[Data records]
(* Let $\kappa>0$ be a cardinal and let $T_\kappa$ be a tournament with at most $\mathsf{exp}_{10}(\kappa)$ vertices such that every $\kappa$-edge-colouring of $T_\kappa$ contains a quasi-monochromatic directed cycle of length three; put $\lambda_\kappa=|V(T_\kappa)|$. Let $T$ be a $\kappa$-edge-coloured tournament that has no king-serf duo by monochromatic paths of size at most $\lambda_\kappa$. Then $T$ has a subtournament isomorphic to $T_\kappa$ all of whose edges are forbidding edges of $T$.
   Context: A tournament is a directed graph obtained by orienting every edge of a (possibly infinite) complete undirected graph. For a cardinal $\kappa$, $\mathsf{exp}_0(\kappa)=\kappa$, $\mathsf{exp}_{k+1}(\kappa)=2^{\mathsf{exp}_k(\kappa)}$. A $\kappa$-edge-colouring of $T$ is a function $c:A(T)\to\kappa$. A monochromatic path is a directed path (no repeated vertices) whose edges all have the same colour. A directed cycle is quasi-monochromatic if all but at most one of its edges have the same colour. A king-serf duo by monochromatic paths in $T$ is a pair of disjoint sets $K,S\subseteq V(T)$ such that every vertex $v$ has a monochromatic path of length at most two from a vertex of $K$ to $v$ or from $v$ to a vertex of $S$; its size is $|K|+|S|$. An edge $uv$ of $T$ is forbidding if there is no monochromatic path of length at most two from $v$ to $u$ in $T$. *)

(* exp_k(X): exp_0 X = X, exp_{k+1} X = power set of exp_k X  (2^{exp_k}). *)
Fixpoint expT (n : nat) (X : Type) : Type :=
  match n with
  | O => X
  | S m => expT m X -> Prop
  end.

Definition card_le (A B : Type) : Prop :=
  exists f : A -> B, forall x y, f x = f y -> x = y.

Definition tournament {V : Type} (E : V -> V -> Prop) : Prop :=
  (forall u, ~ E u u) /\
  (forall u v, u <> v -> E u v \/ E v u) /\
  (forall u v, E u v -> ~ E v u).

(* An edge colouring with colours in K; only the values on arcs are relevant. *)
Definition colouring (V K : Type) := V -> V -> K.

Definition has_qm_triangle {V K : Type} (E : V -> V -> Prop) (c : colouring V K) : Prop :=
  exists a b d : V,
    a <> b /\ b <> d /\ a <> d /\
    E a b /\ E b d /\ E d a /\
    (c a b = c b d \/ c b d = c d a \/ c a b = c d a).

Definition mono_path_le2 {V K : Type} (E : V -> V -> Prop) (c : colouring V K) (u v : V) : Prop :=
  u = v \/ E u v \/
  (exists w, u <> w /\ w <> v /\ u <> v /\ E u w /\ E w v /\ c u w = c w v).

Definition king_serf_duo {V K : Type} (E : V -> V -> Prop) (c : colouring V K)
  (Ks Ss : V -> Prop) : Prop :=
  (forall v, ~ (Ks v /\ Ss v)) /\
  (forall v, (exists k, Ks k /\ mono_path_le2 E c k v) \/
             (exists s, Ss s /\ mono_path_le2 E c v s)).

(* Its size |Ks| + |Ss| (= |Ks ∪ Ss| as they are disjoint) is at most |W|. *)
Definition duo_size_le {V : Type} (Ks Ss : V -> Prop) (W : Type) : Prop :=
  card_le {v : V | Ks v \/ Ss v} W.

Definition forbidding {V K : Type} (E : V -> V -> Prop) (c : colouring V K) (u v : V) : Prop :=
  E u v /\ ~ mono_path_le2 E c v u.

From mathcomp Require Import ssreflect ssrfun ssrbool.
From mathcomp Require Import boolp classical_sets.

(* By Zorn's lemma there is a maximal partial embedding of T0 into T all of
   whose arcs are forbidding.  It is total: if x is not yet embedded, take the
   images of its out-neighbours as kings and those of its in-neighbours as
   serfs.  They are disjoint and there are at most |V(T0)| of them, so they do
   not form a king-serf duo; a vertex w that they fail to absorb can serve as
   the image of x, since every arc between w and a king or serf is then
   forbidding and oriented as in T0. *)

Set Implicit Arguments.
Unset Strict Implicit.

Local Open Scope classical_set_scope.

Lemma mono_path_le2_arc (V K : Type) (E : V -> V -> Prop) (c : colouring V K) u v :
  E u v -> mono_path_le2 E c u v.
Proof. by right; left. Qed.

Lemma uncovered_vertex (V K W : Type) (E : V -> V -> Prop) (c : colouring V K)
    (Ks Ss : set V) :
  ~ (exists Ks Ss, king_serf_duo E c Ks Ss /\ duo_size_le Ks Ss W) ->
  (forall v, ~ (Ks v /\ Ss v)) -> duo_size_le Ks Ss W ->
  exists w, (forall k, Ks k -> ~ mono_path_le2 E c k w) /\
            (forall s, Ss s -> ~ mono_path_le2 E c w s).
Proof.
move=> no_duo disj small; apply: contrapT => covered.
apply: no_duo; exists Ks, Ss; split=> //; split=> // v.
apply: contrapT => Nv; apply: covered; exists v.
by split=> [k Kk kv | s Ss_s vs]; apply: Nv; [left; exists k | right; exists s].
Qed.

Lemma card_le_functional_range (A B : Type) (G : set (A * B)) (P : set B) :
  (forall a b b', G (a, b) -> G (a, b') -> b = b') ->
  (forall b, P b -> exists a, G (a, b)) -> card_le {b | P b} A.
Proof.
move=> Gfun Prange.
have pre (p : {b | P b}) : exists a, G (a, sval p) by exact: Prange (svalP p).
exists (fun p => sval (cid (pre p))) => p q.
case: cid => a Gap; case: cid => a' Gaq /= aa'; subst a'.
case: p q Gap Gaq => [b Pb] [b' Pb'] /= Gab Gab'.
by apply: eq_exist; exact: Gfun Gab Gab'.
Qed.

Section ForbiddingEmbedding.

Variables (V0 : Type) (E0 : V0 -> V0 -> Prop).
Variables (V K : Type) (E : V -> V -> Prop) (c : colouring V K).
Hypotheses (HT0 : tournament E0) (HT : tournament E).

Definition forbidding_pembedding (G : set (V0 * V)) : Prop :=
  forall x u y v, G (x, u) -> G (y, v) ->
    [/\ x = y <-> u = v, E0 x y <-> E u v & E0 x y -> forbidding E c u v].

Lemma forbidding_pembedding_bigcup (F : set (set (V0 * V))) :
  F `<=` forbidding_pembedding -> total_on F subset ->
  forbidding_pembedding (\bigcup_(G in F) G).
Proof.
move=> FP Ftot x u y v [G FG Gxu] [H FH Hyv].
have [GH|HG] := Ftot _ _ FG FH.
- exact: FP H FH x u y v (GH _ Gxu) Hyv.
- exact: FP G FG x u y v Gxu (HG _ Hyv).
Qed.

Lemma new_vertex_arcs (x y : V0) (w u : V) : x <> y ->
  (E0 x y -> ~ mono_path_le2 E c u w) -> (E0 y x -> ~ mono_path_le2 E c w u) ->
  [/\ w <> u, E0 x y <-> E w u & E0 y x <-> E u w].
Proof.
case: HT0 HT => _ [tot0 _] [_ [tot _]] xy out_x in_x.
have wu : w <> u.
  move=> wu; subst u.
  by have [Exy|Eyx] := tot0 _ _ xy; [apply: out_x Exy _ | apply: in_x Eyx _]; left.
split=> //; split=> [Exy | Ewu].
- have [//|Euw] := tot _ _ wu.
  by case: (out_x Exy); exact: mono_path_le2_arc.
- have [//|Eyx] := tot0 _ _ xy.
  by case: (in_x Eyx); exact: mono_path_le2_arc.
- have [Ewu|//] := tot _ _ wu.
  by case: (in_x Exy); exact: mono_path_le2_arc.
- have [Exy|//] := tot0 _ _ xy.
  by case: (out_x Exy); exact: mono_path_le2_arc.
Qed.

Lemma forbidding_pembedding_setU1 (G : set (V0 * V)) (x : V0) (w : V) :
  forbidding_pembedding G -> (forall u, ~ G (x, u)) ->
  (forall y u, G (y, u) -> E0 x y -> ~ mono_path_le2 E c u w) ->
  (forall y u, G (y, u) -> E0 y x -> ~ mono_path_le2 E c w u) ->
  forbidding_pembedding (G `|` [set (x, w)]).
Proof.
move=> PG xG out_x in_x.
have arcs y u : G (y, u) -> [/\ x <> y, w <> u, E0 x y <-> E w u & E0 y x <-> E u w].
  move=> Gyu; have xy : x <> y by move=> xy; subst y; exact: xG Gyu.
  by have [] := new_vertex_arcs xy (out_x _ _ Gyu) (in_x _ _ Gyu).
case: HT0 HT => irr0 _ [irr _].
move=> x1 u1 y1 v1 [G1|[-> ->]] [G2|[-> ->]].
- exact: PG.
- have [xy wu Exy Eyx] := arcs _ _ G1.
  split=> [|//|Ex1x]; first by split=> e; congruence.
  by split; [exact/Eyx | exact: in_x G1 Ex1x].
- have [xy wu Exy Eyx] := arcs _ _ G2.
  split=> [|//|Exy1]; first by split=> e; congruence.
  by split; [exact/Exy | exact: out_x G2 Exy1].
- by split=> [//||/irr0//]; split=> [/irr0|/irr].
Qed.

Lemma maximal_forbidding_pembedding_total (G : set (V0 * V)) :
  ~ (exists Ks Ss, king_serf_duo E c Ks Ss /\ duo_size_le Ks Ss V0) ->
  forbidding_pembedding G -> (forall H, G `<` H -> ~ forbidding_pembedding H) ->
  forall x, exists u, G (x, u).
Proof.
move=> no_duo PG Gmax x; apply: contrapT => xG.
have {}xG u : ~ G (x, u) by move=> Gxu; apply: xG; exists u.
pose Ks := [set u | exists2 y, G (y, u) & E0 x y].
pose Ss := [set u | exists2 y, G (y, u) & E0 y x].
have disj u : ~ (Ks u /\ Ss u).
  move=> [[y1 G1 Exy1] [y2 G2 Ey2x]].
  have [[_ /(_ erefl) y12] _ _] := PG _ _ _ _ G1 G2; subst y2.
  by case: HT0 => _ [_ asy0]; exact: asy0 Exy1 Ey2x.
have small : duo_size_le Ks Ss V0.
  apply: card_le_functional_range => [a b b' Gab Gab' | b [[a Gab _] | [a Gab _]]].
  - by have [[ab _] _ _] := PG _ _ _ _ Gab Gab'; exact: ab.
  - by exists a.
  - by exists a.
have [w [out_w in_w]] := uncovered_vertex no_duo disj small.
apply: (Gmax (G `|` [set (x, w)])).
- split; first exact: subsetUl.
  by move=> /(_ (x, w) (or_intror erefl)); exact: xG.
- by apply: forbidding_pembedding_setU1 => // y u Gyu Exy;
    [apply: out_w | apply: in_w]; exists y.
Qed.

Theorem forbidding_embedding_of_no_small_duo :
  ~ (exists Ks Ss, king_serf_duo E c Ks Ss /\ duo_size_le Ks Ss V0) ->
  exists f : V0 -> V,
    [/\ forall x y, f x = f y -> x = y,
        forall x y, E0 x y <-> E (f x) (f y) &
        forall x y, E0 x y -> forbidding E c (f x) (f y)].
Proof.
move=> no_duo.
have [G [PG Gmax]] := Zorn_bigcup forbidding_pembedding_bigcup.
have Gtot := maximal_forbidding_pembedding_total no_duo PG Gmax.
pose f x := sval (cid (Gtot x)).
have Gf x : G (x, f x) := svalP (cid (Gtot x)).
exists f; split=> x y; have [fxy Exy forb] := PG _ _ _ _ (Gf x) (Gf y).
- by move/fxy.
- exact: Exy.
- exact: forb.
Qed.

End ForbiddingEmbedding.

Theorem lemma5
  (K : Type) (k0 : K)                                  (* kappa > 0 *)
  (V0 : Type) (E0 : V0 -> V0 -> Prop)                  (* T_kappa *)
  (HT0 : tournament E0)
  (Hsize0 : card_le V0 (expT 10 K))                    (* |V(T_kappa)| <= exp_10(kappa) *)
  (Hcol0 : forall c0 : colouring V0 K, has_qm_triangle E0 c0)
  (V : Type) (E : V -> V -> Prop) (HT : tournament E)  (* T *)
  (c : colouring V K)
  (Hno : ~ exists Ks Ss : V -> Prop,
           king_serf_duo E c Ks Ss /\ duo_size_le Ks Ss V0) :
  exists f : V0 -> V,
    (forall x y, f x = f y -> x = y) /\
    (forall x y, E0 x y <-> E (f x) (f y)) /\
    (forall x y, E0 x y -> forbidding E c (f x) (f y)).
Proof.
have [f [f_inj f_arcs f_forb]] := forbidding_embedding_of_no_small_duo HT0 HT Hno.
by exists f.
Qed.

**What is being asked**
Find the line with "- have [Exy|//] := tot0 _ _ xy." in the entries above. Retype it and each line after it, exactly, through the line with "move=> no_duo PG", and stop there.

**Finished exercise**
- have [Exy|//] := tot0 _ _ xy.
  by case: (out_x Exy); exact: mono_path_le2_arc.
Qed.

Lemma forbidding_pembedding_setU1 (G : set (V0 * V)) (x : V0) (w : V) :
  forbidding_pembedding G -> (forall u, ~ G (x, u)) ->
  (forall y u, G (y, u) -> E0 x y -> ~ mono_path_le2 E c u w) ->
  (forall y u, G (y, u) -> E0 y x -> ~ mono_path_le2 E c w u) ->
  forbidding_pembedding (G `|` [set (x, w)]).
Proof.
move=> PG xG out_x in_x.
have arcs y u : G (y, u) -> [/\ x <> y, w <> u, E0 x y <-> E w u & E0 y x <-> E u w].
  move=> Gyu; have xy : x <> y by move=> xy; subst y; exact: xG Gyu.
  by have [] := new_vertex_arcs xy (out_x _ _ Gyu) (in_x _ _ Gyu).
case: HT0 HT => irr0 _ [irr _].
move=> x1 u1 y1 v1 [G1|[-> ->]] [G2|[-> ->]].
- exact: PG.
- have [xy wu Exy Eyx] := arcs _ _ G1.
  split=> [|//|Ex1x]; first by split=> e; congruence.
  by split; [exact/Eyx | exact: in_x G1 Ex1x].
- have [xy wu Exy Eyx] := arcs _ _ G2.
  split=> [|//|Exy1]; first by split=> e; congruence.
  by split; [exact/Exy | exact: out_x G2 Exy1].
- by split=> [//||/irr0//]; split=> [/irr0|/irr].
Qed.

Lemma maximal_forbidding_pembedding_total (G : set (V0 * V)) :
  ~ (exists Ks Ss, king_serf_duo E c Ks Ss /\ duo_size_le Ks Ss V0) ->
  forbidding_pembedding G -> (forall H, G `<` H -> ~ forbidding_pembedding H) ->
  forall x, exists u, G (x, u).
Proof.
move=> no_duo PG Gmax x; apply: contrapT => xG.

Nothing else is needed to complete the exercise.